Copies of all lines containing the string "destruct" are needed from the data below.

─── Dataset entries ───

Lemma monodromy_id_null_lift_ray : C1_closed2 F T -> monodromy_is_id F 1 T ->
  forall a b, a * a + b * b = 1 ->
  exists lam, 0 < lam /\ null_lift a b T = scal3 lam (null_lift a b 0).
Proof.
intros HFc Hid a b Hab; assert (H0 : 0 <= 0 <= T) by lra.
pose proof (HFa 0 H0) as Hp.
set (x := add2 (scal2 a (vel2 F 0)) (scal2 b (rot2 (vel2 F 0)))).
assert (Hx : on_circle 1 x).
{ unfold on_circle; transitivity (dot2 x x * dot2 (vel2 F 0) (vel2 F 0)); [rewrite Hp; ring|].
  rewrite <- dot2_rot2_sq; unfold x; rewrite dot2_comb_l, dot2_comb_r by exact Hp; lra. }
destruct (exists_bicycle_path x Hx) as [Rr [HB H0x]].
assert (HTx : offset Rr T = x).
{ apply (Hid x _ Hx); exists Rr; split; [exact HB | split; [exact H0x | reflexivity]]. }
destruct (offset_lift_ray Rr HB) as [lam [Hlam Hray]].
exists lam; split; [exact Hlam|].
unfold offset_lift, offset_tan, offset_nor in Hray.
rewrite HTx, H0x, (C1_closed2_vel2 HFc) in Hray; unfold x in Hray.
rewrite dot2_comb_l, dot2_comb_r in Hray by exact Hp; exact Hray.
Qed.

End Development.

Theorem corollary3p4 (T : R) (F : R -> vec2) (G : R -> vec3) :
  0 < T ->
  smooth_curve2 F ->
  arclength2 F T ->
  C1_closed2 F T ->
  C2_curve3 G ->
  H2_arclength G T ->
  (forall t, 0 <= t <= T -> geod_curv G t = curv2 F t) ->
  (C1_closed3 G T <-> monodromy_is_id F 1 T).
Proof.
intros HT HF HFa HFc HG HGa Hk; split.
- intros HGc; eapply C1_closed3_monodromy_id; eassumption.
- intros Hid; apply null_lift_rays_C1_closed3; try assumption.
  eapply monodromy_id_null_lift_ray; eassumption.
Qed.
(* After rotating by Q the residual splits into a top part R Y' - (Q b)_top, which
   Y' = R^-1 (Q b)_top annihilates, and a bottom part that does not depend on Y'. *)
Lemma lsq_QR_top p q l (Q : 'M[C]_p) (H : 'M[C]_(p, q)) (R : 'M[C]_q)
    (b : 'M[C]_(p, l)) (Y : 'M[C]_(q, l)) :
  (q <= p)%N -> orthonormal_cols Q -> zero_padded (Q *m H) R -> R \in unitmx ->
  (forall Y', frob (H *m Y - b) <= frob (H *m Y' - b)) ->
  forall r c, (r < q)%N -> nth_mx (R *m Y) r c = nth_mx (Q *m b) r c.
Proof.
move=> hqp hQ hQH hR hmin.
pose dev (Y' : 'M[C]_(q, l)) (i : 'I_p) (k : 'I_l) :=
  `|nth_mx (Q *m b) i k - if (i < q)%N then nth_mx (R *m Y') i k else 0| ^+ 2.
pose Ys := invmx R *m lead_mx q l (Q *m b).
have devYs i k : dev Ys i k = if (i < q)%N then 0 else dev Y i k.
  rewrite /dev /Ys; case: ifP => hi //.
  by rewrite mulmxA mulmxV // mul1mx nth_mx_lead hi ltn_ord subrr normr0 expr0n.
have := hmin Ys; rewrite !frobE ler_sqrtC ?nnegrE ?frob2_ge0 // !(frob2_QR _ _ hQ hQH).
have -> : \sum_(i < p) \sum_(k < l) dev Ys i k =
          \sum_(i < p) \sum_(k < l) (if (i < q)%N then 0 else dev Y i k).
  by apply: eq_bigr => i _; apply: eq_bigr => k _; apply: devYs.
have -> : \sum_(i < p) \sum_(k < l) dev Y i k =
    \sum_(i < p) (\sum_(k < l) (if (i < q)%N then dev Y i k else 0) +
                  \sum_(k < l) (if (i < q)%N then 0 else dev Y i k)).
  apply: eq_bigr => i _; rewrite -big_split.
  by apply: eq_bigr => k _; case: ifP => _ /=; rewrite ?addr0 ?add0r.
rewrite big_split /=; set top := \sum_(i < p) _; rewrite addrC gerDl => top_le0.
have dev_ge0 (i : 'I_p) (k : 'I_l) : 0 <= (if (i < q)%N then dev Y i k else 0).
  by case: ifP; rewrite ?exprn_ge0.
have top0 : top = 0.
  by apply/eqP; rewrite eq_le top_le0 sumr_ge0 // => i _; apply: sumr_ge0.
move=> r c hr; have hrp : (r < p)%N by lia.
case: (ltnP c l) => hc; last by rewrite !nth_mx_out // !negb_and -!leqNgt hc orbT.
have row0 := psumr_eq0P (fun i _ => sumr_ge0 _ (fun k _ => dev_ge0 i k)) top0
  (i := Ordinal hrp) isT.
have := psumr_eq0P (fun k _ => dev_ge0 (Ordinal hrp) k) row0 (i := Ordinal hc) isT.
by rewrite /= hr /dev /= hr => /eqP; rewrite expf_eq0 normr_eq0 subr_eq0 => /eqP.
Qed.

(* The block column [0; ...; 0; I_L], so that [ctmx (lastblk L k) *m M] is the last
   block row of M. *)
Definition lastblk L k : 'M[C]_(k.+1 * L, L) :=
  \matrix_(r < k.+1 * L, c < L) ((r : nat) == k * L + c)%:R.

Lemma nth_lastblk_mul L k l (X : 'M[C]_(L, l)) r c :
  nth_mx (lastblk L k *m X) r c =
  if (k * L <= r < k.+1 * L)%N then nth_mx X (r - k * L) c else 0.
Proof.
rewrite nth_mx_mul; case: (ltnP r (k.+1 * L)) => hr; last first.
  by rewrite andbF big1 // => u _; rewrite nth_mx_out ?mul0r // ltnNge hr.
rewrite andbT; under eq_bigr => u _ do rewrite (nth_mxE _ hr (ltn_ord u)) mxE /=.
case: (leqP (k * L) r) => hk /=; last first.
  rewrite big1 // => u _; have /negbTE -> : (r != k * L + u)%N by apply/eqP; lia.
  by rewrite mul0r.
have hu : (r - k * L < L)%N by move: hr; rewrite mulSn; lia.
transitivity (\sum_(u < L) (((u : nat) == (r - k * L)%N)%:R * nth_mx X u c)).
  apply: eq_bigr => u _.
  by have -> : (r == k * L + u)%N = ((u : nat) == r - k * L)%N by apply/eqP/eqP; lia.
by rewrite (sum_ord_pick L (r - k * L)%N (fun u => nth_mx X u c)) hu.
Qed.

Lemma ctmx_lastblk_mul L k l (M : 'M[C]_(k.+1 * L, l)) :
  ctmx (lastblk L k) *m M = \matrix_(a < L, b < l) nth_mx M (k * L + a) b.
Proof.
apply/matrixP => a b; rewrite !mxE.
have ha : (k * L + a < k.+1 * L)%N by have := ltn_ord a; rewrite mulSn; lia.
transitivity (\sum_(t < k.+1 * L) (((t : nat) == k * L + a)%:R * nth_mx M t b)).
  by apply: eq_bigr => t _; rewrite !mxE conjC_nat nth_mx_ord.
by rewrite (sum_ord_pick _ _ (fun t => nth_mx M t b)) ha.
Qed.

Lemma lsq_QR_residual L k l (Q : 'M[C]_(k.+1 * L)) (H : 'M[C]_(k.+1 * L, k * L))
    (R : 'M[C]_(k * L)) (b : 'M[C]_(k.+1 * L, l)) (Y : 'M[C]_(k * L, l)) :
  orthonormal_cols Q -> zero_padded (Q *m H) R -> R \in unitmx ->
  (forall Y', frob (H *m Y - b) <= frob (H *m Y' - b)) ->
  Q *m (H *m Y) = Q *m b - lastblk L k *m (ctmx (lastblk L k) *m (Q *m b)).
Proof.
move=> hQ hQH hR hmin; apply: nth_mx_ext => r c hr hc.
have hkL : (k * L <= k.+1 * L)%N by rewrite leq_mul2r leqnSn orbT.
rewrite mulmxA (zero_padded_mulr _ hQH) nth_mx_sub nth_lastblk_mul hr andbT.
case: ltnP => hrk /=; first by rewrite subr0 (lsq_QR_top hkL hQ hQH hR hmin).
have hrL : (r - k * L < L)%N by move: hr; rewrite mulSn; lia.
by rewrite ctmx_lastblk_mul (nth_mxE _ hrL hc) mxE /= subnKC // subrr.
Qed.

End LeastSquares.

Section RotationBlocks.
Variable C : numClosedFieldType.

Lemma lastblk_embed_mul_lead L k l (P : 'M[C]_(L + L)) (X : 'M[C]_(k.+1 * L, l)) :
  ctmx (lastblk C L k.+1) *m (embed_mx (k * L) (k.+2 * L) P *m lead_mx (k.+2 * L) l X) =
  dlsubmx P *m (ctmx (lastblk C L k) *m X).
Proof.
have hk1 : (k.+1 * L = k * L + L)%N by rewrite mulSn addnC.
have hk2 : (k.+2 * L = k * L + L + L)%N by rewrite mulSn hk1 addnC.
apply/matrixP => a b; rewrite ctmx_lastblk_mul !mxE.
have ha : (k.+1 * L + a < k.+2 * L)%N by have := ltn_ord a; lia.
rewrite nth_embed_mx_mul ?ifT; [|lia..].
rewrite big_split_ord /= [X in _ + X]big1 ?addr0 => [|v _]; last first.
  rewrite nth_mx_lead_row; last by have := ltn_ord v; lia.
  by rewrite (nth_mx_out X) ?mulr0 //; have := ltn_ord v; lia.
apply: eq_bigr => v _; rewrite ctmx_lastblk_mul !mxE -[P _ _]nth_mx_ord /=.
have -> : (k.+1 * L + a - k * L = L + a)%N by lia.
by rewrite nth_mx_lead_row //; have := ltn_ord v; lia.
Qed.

───

=== Task output ===
destruct (exists_bicycle_path x Hx) as [Rr [HB H0x]].
destruct (offset_lift_ray Rr HB) as [lam [Hlam Hray]].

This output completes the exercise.